(* Let $M\ge2$ and let $\mathcal{P}$ be a Class II source set on $\{1,\dots,M\}$ with $P_1\ge P_2\ge\dots\ge P_M$ for every $P\in\mathcal{P}$, and let $D^{(M-1)}=\sup_{P\in\mathcal{P}}\sum_{i=2}^{M}P_i$. Then for $D\in[0,1]$, $\epsilon^*_{\mathrm{IT}}(\mathcal{P},D)=0$ if and only if $D\ge D^{(M-1)}$.
   Context: A source set is a nonempty set $\mathcal{P}$ of probability distributions on $\{1,\dots,M\}$; Class I means its convex hull contains the uniform distribution; Class II means it is not Class I and a single permutation orders all its distributions decreasingly. A mechanism is an $M\times M$ row-stochastic matrix $Q$ with entries $Q(j|i)$; its diagonal distortions are $D_i=1-Q(i|i)$. $Q$ is $(\mathcal{P},D)$-valid if $\sum_iP_iD_i\le D$ for all $P\in\mathcal{P}$; $\mathcal{Q}(\mathcal{P},D)$ is the set of these. $I(P;Q)$ is the mutual information $I(X;\hat X)$ for $X\sim P$, $\hat X\sim Q(\cdot|X)$; $\epsilon^*_{\mathrm{IT}}(\mathcal{P},D)=\min_{Q\in\mathcal{Q}(\mathcal{P},D)}\max_{P\in\mathcal{P}}I(P;Q)$. *)

From HB Require Import structures.
From mathcomp Require Import all_boot all_order all_algebra.
From mathcomp Require Import all_classical all_reals.
From mathcomp Require Import ereal exp.
From mathcomp Require Import perm.
Set Implicit Arguments. Unset Strict Implicit. Unset Printing Implicit Defensive.
Import Order.TTheory GRing.Theory Num.Theory.
Local Open Scope classical_set_scope.
Local Open Scope ring_scope.

(* The alphabet {1,...,M} is represented by 'I_M = {0,...,M-1}
   (symbol k+1 of the paper is index k here). *)

Definition prob_dist (R : realType) (M : nat) (p : 'I_M -> R) : Prop :=
  (forall i, 0 <= p i) /\ \sum_(i < M) p i = 1.

Definition source_set (R : realType) (M : nat) (Ps : set ('I_M -> R)) : Prop :=
  Ps !=set0 /\ Ps `<=` @prob_dist R M.

(* The uniform distribution lies in the convex hull of Ps
   (convex hull = set of finite convex combinations). *)
Definition classI (R : realType) (M : nat) (Ps : set ('I_M -> R)) : Prop :=
  exists (n : nat) (w : 'I_n -> R) (p : 'I_n -> 'I_M -> R),
    [/\ forall k, Ps (p k), forall k, 0 <= w k, \sum_(k < n) w k = 1 &
        forall i, \sum_(k < n) w k * p k i = M%:R^-1].

Definition classII (R : realType) (M : nat) (Ps : set ('I_M -> R)) : Prop :=
  ~ classI Ps /\
  exists s : 'S_M, forall P, Ps P ->
    forall i j : 'I_M, (i <= j)%N -> P (s j) <= P (s i).

(* Mechanisms: row-stochastic matrices, Q i j = Q(j|i). *)
Definition mechanism (R : realType) (M : nat) (Q : 'M[R]_M) : Prop :=
  (forall i j, 0 <= Q i j) /\ (forall i, \sum_(j < M) Q i j = 1).

Definition distortion (R : realType) (M : nat) (Q : 'M[R]_M) (i : 'I_M) : R :=
  1 - Q i i.

Definition valid (R : realType) (M : nat) (Ps : set ('I_M -> R)) (D : R)
  (Q : 'M[R]_M) : Prop :=
  mechanism Q /\
  forall P, Ps P -> \sum_(i < M) P i * distortion Q i <= D.

Definition out_prob (R : realType) (M : nat) (P : 'I_M -> R) (Q : 'M[R]_M)
  (j : 'I_M) : R := \sum_(k < M) P k * Q k j.

Definition mutual_info (R : realType) (M : nat) (P : 'I_M -> R) (Q : 'M[R]_M) : R :=
  \sum_(i < M) \sum_(j < M)
    (if P i * Q i j == 0 then 0
     else P i * Q i j * ln (Q i j / out_prob P Q j)).

Definition eps_IT (R : realType) (M : nat) (Ps : set ('I_M -> R)) (D : R)
  : \bar R :=
  ereal_inf [set ereal_sup [set (mutual_info P Q)%:E | P in Ps]
            | Q in valid Ps D].

Definition D_Mminus1 (R : realType) (M : nat) (Ps : set ('I_M -> R)) : \bar R :=
  ereal_sup [set (\sum_(i < M | (0 < i)%N) P i)%:E | P in Ps].

From HB Require Import structures.
From mathcomp Require Import all_boot all_order all_algebra.
From mathcomp Require Import all_classical all_reals.
From mathcomp Require Import ereal exp.
From mathcomp Require Import perm ring lra.
Set Implicit Arguments. Unset Strict Implicit. Unset Printing Implicit Defensive.
Import Order.TTheory GRing.Theory Num.Theory.
Local Open Scope classical_set_scope.
Local Open Scope ring_scope.

(* If D >= D^(M-1), the mechanism that always outputs the most likely symbol
   has zero leakage and distortion sum_(i >= 2) P_i <= D.  Conversely, for
   every t >= 0 the mutual information is bounded below by
   t (A - B) - t^2 (A + B), where A = P(Xhat = X) and B is the same
   probability for independent X and Xhat.  Validity gives A >= 1 - D, the
   ordering of P gives B <= P_1, so a source P with sum_(i >= 2) P_i = D + d,
   d > 0, forces I(P; Q) >= d^2 / 8 for every valid Q. *)

Lemma big_ord_gt0 (V : nmodType) n (n_gt0 : (0 < n)%N) (F : 'I_n -> V) :
  \sum_i F i = F (Ordinal n_gt0) + \sum_(i < n | (0 < i)%N) F i.
Proof.
rewrite (bigD1 (Ordinal n_gt0)) //=; congr (_ + _); apply: eq_bigl => i.
by rewrite -(inj_eq val_inj) /= lt0n.
Qed.

Section RealInequalities.
Variable R : realType.

Lemma ln_ge_1Bv (s : R) : 0 < s -> 1 - s^-1 <= ln s.
Proof.
move=> s0; have := expR_ge1Dx (ln s^-1).
by rewrite lnK ?posrE ?invr_gt0 // lnV ?posrE //; lra.
Qed.

Lemma quadratic_ge0 (s t : R) : 0 <= t ->
  0 <= (s - 1) ^+ 2 - t * (s ^+ 2 - 1) + t ^+ 2 * (s ^+ 2 + 1).
Proof.
move=> t0; have k0 : 0 < 1 - t + t ^+ 2 by nra.
rewrite -(pmulr_rge0 _ k0).
have -> : (1 - t + t ^+ 2) * ((s - 1) ^+ 2 - t * (s ^+ 2 - 1) + t ^+ 2 * (s ^+ 2 + 1))
    = ((1 - t + t ^+ 2) * s - 1) ^+ 2 + t ^+ 2 + t ^+ 4 by ring.
by rewrite !addr_ge0 ?sqr_ge0 ?exprn_ge0.
Qed.

(* Write x = s^2 and use ln s >= 1 - 1/s; the remainder is [quadratic_ge0]. *)
Lemma mul_ln_ge (x t : R) : 0 < x -> 0 <= t ->
  (1 + t) * (x - 1) - t ^+ 2 * (x + 1) <= x * ln x.
Proof.
move=> x0 t0; set s := Num.sqrt x.
have s0 : 0 < s by rewrite sqrtr_gt0.
have -> : x = s ^+ 2 by rewrite sqr_sqrtr // ltW.
have lnx : ln (s ^+ 2) = 2 * ln s by rewrite expr2 lnM ?posrE // mulr2n mulrDl mul1r.
have ss : s ^+ 2 * (1 - s^-1) = s ^+ 2 - s.
  by rewrite mulrBr mulr1 expr2 mulrK // unitfE gt_eqF.
have : s ^+ 2 * (1 - s^-1) <= s ^+ 2 * ln s by rewrite ler_pM2l ?exprn_gt0 ?ln_ge_1Bv.
have := quadratic_ge0 s t0; rewrite lnx ss; nra.
Qed.

Lemma mul_ln_div_ge (a b t : R) : 0 < a -> 0 < b -> 0 <= t ->
  (1 + t) * (a - b) - t ^+ 2 * (a + b) <= a * ln (a / b).
Proof.
move=> a0 b0 t0; set x := a / b.
have x0 : 0 < x by rewrite divr_gt0.
have -> : a = b * x by rewrite /x mulrCA divff ?mulr1 // gt_eqF.
have := mul_ln_ge x0 t0; rewrite -(ler_pM2l b0); nra.
Qed.

End RealInequalities.

Section MutualInfoLowerBound.
Variables (R : realType) (M : nat) (P : 'I_M -> R) (Q : 'M[R]_M).
Hypotheses (P_dist : prob_dist P) (Q_mech : mechanism Q).

Definition agreement : R := \sum_i P i * Q i i.

Definition indep_agreement : R := \sum_i P i * out_prob P Q i.

Lemma out_prob_ge0 j : 0 <= out_prob P Q j.
Proof.
by apply: sumr_ge0 => k _; apply: mulr_ge0; [case: P_dist | case: Q_mech].
Qed.

Lemma sum_out_prob : \sum_j out_prob P Q j = 1.
Proof.
rewrite /out_prob exchange_big /=; case: P_dist => _ <-.
by apply: eq_bigr => k _; rewrite -mulr_sumr (proj2 Q_mech) mulr1.
Qed.

Lemma joint_le_out_prob i j : P i * Q i j <= out_prob P Q j.
Proof.
rewrite /out_prob (bigD1 i) //= lerDl.
by apply: sumr_ge0 => k _; apply: mulr_ge0; [case: P_dist | case: Q_mech].
Qed.

Lemma agreement_le1 : agreement <= 1.
Proof.
have [P0 <-] := P_dist; have [Q0 Q1] := Q_mech.
apply: ler_sum => i _; rewrite -[leRHS]mulr1 ler_wpM2l // -(Q1 i) (bigD1 i) //=.
by rewrite lerDl; apply: sumr_ge0.
Qed.

Lemma indep_agreement_ge0 : 0 <= indep_agreement.
Proof. by apply: sumr_ge0 => i _; rewrite mulr_ge0 ?out_prob_ge0 //; case: P_dist. Qed.

Lemma indep_agreement_le_max p : (forall i, P i <= p) -> indep_agreement <= p.
Proof.
move=> Pp; rewrite -[leRHS]mulr1 -sum_out_prob mulr_sumr.
by apply: ler_sum => i _; rewrite ler_wpM2r ?out_prob_ge0.
Qed.

(* Each summand a ln(a/b) of the mutual information, a = P_i Q(j|i) and
   b = P_i q_j, is bounded by [mul_ln_div_ge] with parameter t on the
   diagonal and 0 off it; the terms a - b sum to zero. *)
Lemma mutual_info_ge t : 0 <= t ->
  t * (agreement - indep_agreement) - t ^+ 2 * (agreement + indep_agreement)
  <= mutual_info P Q.
Proof.
move=> t0; have [P0 P1] := P_dist; have [Q0 Q1] := Q_mech.
pose tt (i j : 'I_M) := if i == j then t else 0.
pose g i j := (P i * Q i j - P i * out_prob P Q j)
  + (tt i j * (P i * Q i j - P i * out_prob P Q j)
     - tt i j ^+ 2 * (P i * Q i j + P i * out_prob P Q j)).
have tt0 i j : 0 <= tt i j by rewrite /tt; case: eqP.
have g_le : \sum_i \sum_j g i j <= mutual_info P Q.
  apply: ler_sum => i _; apply: ler_sum => j _.
  have b0 : 0 <= P i * out_prob P Q j by rewrite mulr_ge0 ?out_prob_ge0.
  have [a0|a_neq0] := eqVneq (P i * Q i j) 0.
    rewrite /g a0; have := tt0 i j; nra.
  have a_gt0 : 0 < P i * Q i j by rewrite lt_def a_neq0 mulr_ge0.
  have Pi_gt0 : 0 < P i by rewrite lt_def P0 andbT; apply: contraNneq a_neq0 => ->; rewrite mul0r.
  have b_gt0 : 0 < P i * out_prob P Q j.
    by rewrite mulr_gt0 // (lt_le_trans a_gt0 (joint_le_out_prob i j)).
  have -> : Q i j / out_prob P Q j = P i * Q i j / (P i * out_prob P Q j).
    by rewrite invfM mulrACA divff ?mul1r // gt_eqF.
  apply: le_trans _ (mul_ln_div_ge a_gt0 b_gt0 (tt0 i j)).
  by rewrite /g; lra.
apply: le_trans g_le; rewrite /g; under eq_bigr => i _ do rewrite big_split /=.
rewrite big_split /= big1 ?add0r; last first.
  by move=> i _; rewrite sumrB -!mulr_sumr Q1 sum_out_prob subrr.
have diag i (F G : 'I_M -> R) :
    \sum_j (tt i j * F j - tt i j ^+ 2 * G j) = t * F i - t ^+ 2 * G i.
  rewrite (bigD1 i) //= /tt eqxx big1 ?addr0 // => j /negbTE.
  by rewrite eq_sym => ->; rewrite expr0n !mul0r subr0.
under eq_bigr => i _ do rewrite diag.
by rewrite sumrB -!mulr_sumr -!big_split /= sumrB.
Qed.

Lemma mutual_info_ge0 : 0 <= mutual_info P Q.
Proof. by have := mutual_info_ge (lexx 0); rewrite expr0n !mul0r subr0. Qed.

Lemma mutual_info_ge_sq d : 0 <= d -> d <= agreement - indep_agreement ->
  d ^+ 2 / 8 <= mutual_info P Q.
Proof.
move=> d0 d_le; have t0 : 0 <= d / 4 by rewrite divr_ge0.
apply: le_trans (mutual_info_ge t0).
have AB2 : agreement + indep_agreement <= 2.
  by have := agreement_le1; have := indep_agreement_ge0; lra.
have h1 : d / 4 * d <= d / 4 * (agreement - indep_agreement) by rewrite ler_wpM2l.
have h2 : (d / 4) ^+ 2 * (agreement + indep_agreement) <= (d / 4) ^+ 2 * 2.
  by rewrite ler_wpM2l ?sqr_ge0.
have -> : d ^+ 2 / 8 = d / 4 * d - (d / 4) ^+ 2 * 2 by field.
lra.
Qed.

Lemma sum_mul_distortion : \sum_i P i * distortion Q i = 1 - agreement.
Proof.
rewrite /distortion; under eq_bigr => i _ do rewrite mulrBr mulr1.
by rewrite sumrB; case: P_dist => _ ->.
Qed.

End MutualInfoLowerBound.

Section ConstantMechanism.
Variables (R : realType) (M : nat) (k : 'I_M).

Definition const_mech : 'M[R]_M := \matrix_(i, j) (j == k)%:R.

Lemma const_mech_mechanism : mechanism const_mech.
Proof.
split=> [i j|i]; first by rewrite mxE ler0n.
under eq_bigr => j _ do rewrite mxE.
by rewrite (bigD1 k) //= eqxx big1 ?addr0 // => j /negbTE ->.
Qed.

Lemma agreement_const_mech (P : 'I_M -> R) : agreement P const_mech = P k.
Proof.
rewrite /agreement (bigD1 k) //= mxE eqxx mulr1 big1 ?addr0 //.
by move=> i /negbTE; rewrite mxE => ->; rewrite mulr0.
Qed.

Lemma mutual_info_const_mech (P : 'I_M -> R) : prob_dist P ->
  mutual_info P const_mech = 0.
Proof.
case=> _ P1; apply: big1 => i _; apply: big1 => j _; rewrite mxE.
have [->|_] := eqVneq j k; last by rewrite mulr0 eqxx.
have -> : out_prob P const_mech k = 1.
  by rewrite -P1; apply: eq_bigr => l _; rewrite mxE eqxx mulr1.
by rewrite divr1 ln1 mulr0; case: ifP.
Qed.

End ConstantMechanism.

Arguments const_mech {R M}.

Section EpsIT.
Variables (R : realType) (M : nat) (Ps : set ('I_M -> R)) (D : R).
Hypothesis Ps_src : source_set Ps.

Lemma eps_IT_ge (c : R) P : Ps P ->
  (forall Q, valid Ps D Q -> c <= mutual_info P Q) -> (c%:E <= eps_IT Ps D)%E.
Proof.
move=> PP c_le; apply: le_ereal_inf_tmp => _ [Q vQ <-].
apply: le_ereal_sup_tmp; exists (mutual_info P Q)%:E; first by exists P.
by rewrite lee_fin c_le.
Qed.

Lemma eps_IT_ge0 : (0 <= eps_IT Ps D)%E.
Proof.
have [[P PP] Ps_dist] := Ps_src.
apply: (eps_IT_ge PP) => Q [Q_mech _].
exact: mutual_info_ge0 (Ps_dist _ PP) Q_mech.
Qed.

Lemma eps_IT_ge_sq P p : Ps P -> (forall i, P i <= p) -> D <= 1 - p ->
  (((1 - p - D) ^+ 2 / 8)%:E <= eps_IT Ps D)%E.
Proof.
move=> PP Pp D_le; have P_dist := Ps_src.2 _ PP.
apply: (eps_IT_ge PP) => Q [Q_mech Q_valid].
apply: (mutual_info_ge_sq P_dist Q_mech); first by rewrite subr_ge0.
have := Q_valid P PP; rewrite (sum_mul_distortion Q P_dist).
have := indep_agreement_le_max P_dist Q_mech Pp; lra.
Qed.

Lemma eps_IT_le0 Q : valid Ps D Q -> (forall P, Ps P -> mutual_info P Q <= 0) ->
  (eps_IT Ps D <= 0)%E.
Proof.
move=> vQ I_le; apply: ge_ereal_inf.
exists (ereal_sup [set (mutual_info P Q)%:E | P in Ps]); first by exists Q.
by apply: ge_ereal_sup => _ [P PP <-]; rewrite lee_fin I_le.
Qed.

End EpsIT.

Theorem lemma4 (R : realType) (M : nat) (Ps : set ('I_M -> R)) (D : R) :
  (2 <= M)%N ->
  source_set Ps ->
  classII Ps ->
  (forall P, Ps P -> forall i j : 'I_M, (i <= j)%N -> P j <= P i) ->
  0 <= D <= 1 ->
  (eps_IT Ps D = 0%E <-> (D%:E >= D_Mminus1 Ps)%E).
Proof.
move=> M2 Ps_src _ Ps_sorted _; have [_ Ps_dist] := Ps_src.
have M0 : (0 < M)%N by apply: leq_trans M2.
pose i0 := Ordinal M0.
have tail_sum (P : 'I_M -> R) : prob_dist P -> \sum_(i < M | (0 < i)%N) P i = 1 - P i0.
  by case=> _ P1; rewrite -P1 (big_ord_gt0 M0) -/i0 addrAC subrr add0r.
split=> [eps0|D_ge].
- rewrite leNgt; apply/negP => /ereal_sup_gt[_ [P PP <-]].
  rewrite lte_fin (tail_sum P (Ps_dist _ PP)) => D_lt.
  have := eps_IT_ge_sq Ps_src PP (fun i => Ps_sorted P PP i0 i (leq0n i)) (ltW D_lt).
  rewrite eps0 lee_fin; have : 0 < (1 - P i0 - D) ^+ 2 / 8.
    by rewrite divr_gt0 ?exprn_gt0 ?subr_gt0.
  lra.
- apply/le_anti; rewrite eps_IT_ge0 // andbT.
  apply: (eps_IT_le0 (Q := const_mech i0)) => [|P PP].
    split=> [|P PP]; first exact: const_mech_mechanism.
    rewrite (sum_mul_distortion _ (Ps_dist _ PP)) agreement_const_mech.
    rewrite -(tail_sum P (Ps_dist _ PP)) -lee_fin; apply: le_trans D_ge.
    by apply: ereal_sup_ubound; exists P.
  by rewrite (mutual_info_const_mech i0 (Ps_dist _ PP)).
Qed.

▸ **EXERCISE REQUIREMENTS**
Only the lines that contain the string "Ordinal" should be copied from the entries above.

▸ **EXPECTED ANSWER**
  \sum_i F i = F (Ordinal n_gt0) + \sum_(i < n | (0 < i)%N) F i.
rewrite (bigD1 (Ordinal n_gt0)) //=; congr (_ + _); apply: eq_bigl => i.
pose i0 := Ordinal M0.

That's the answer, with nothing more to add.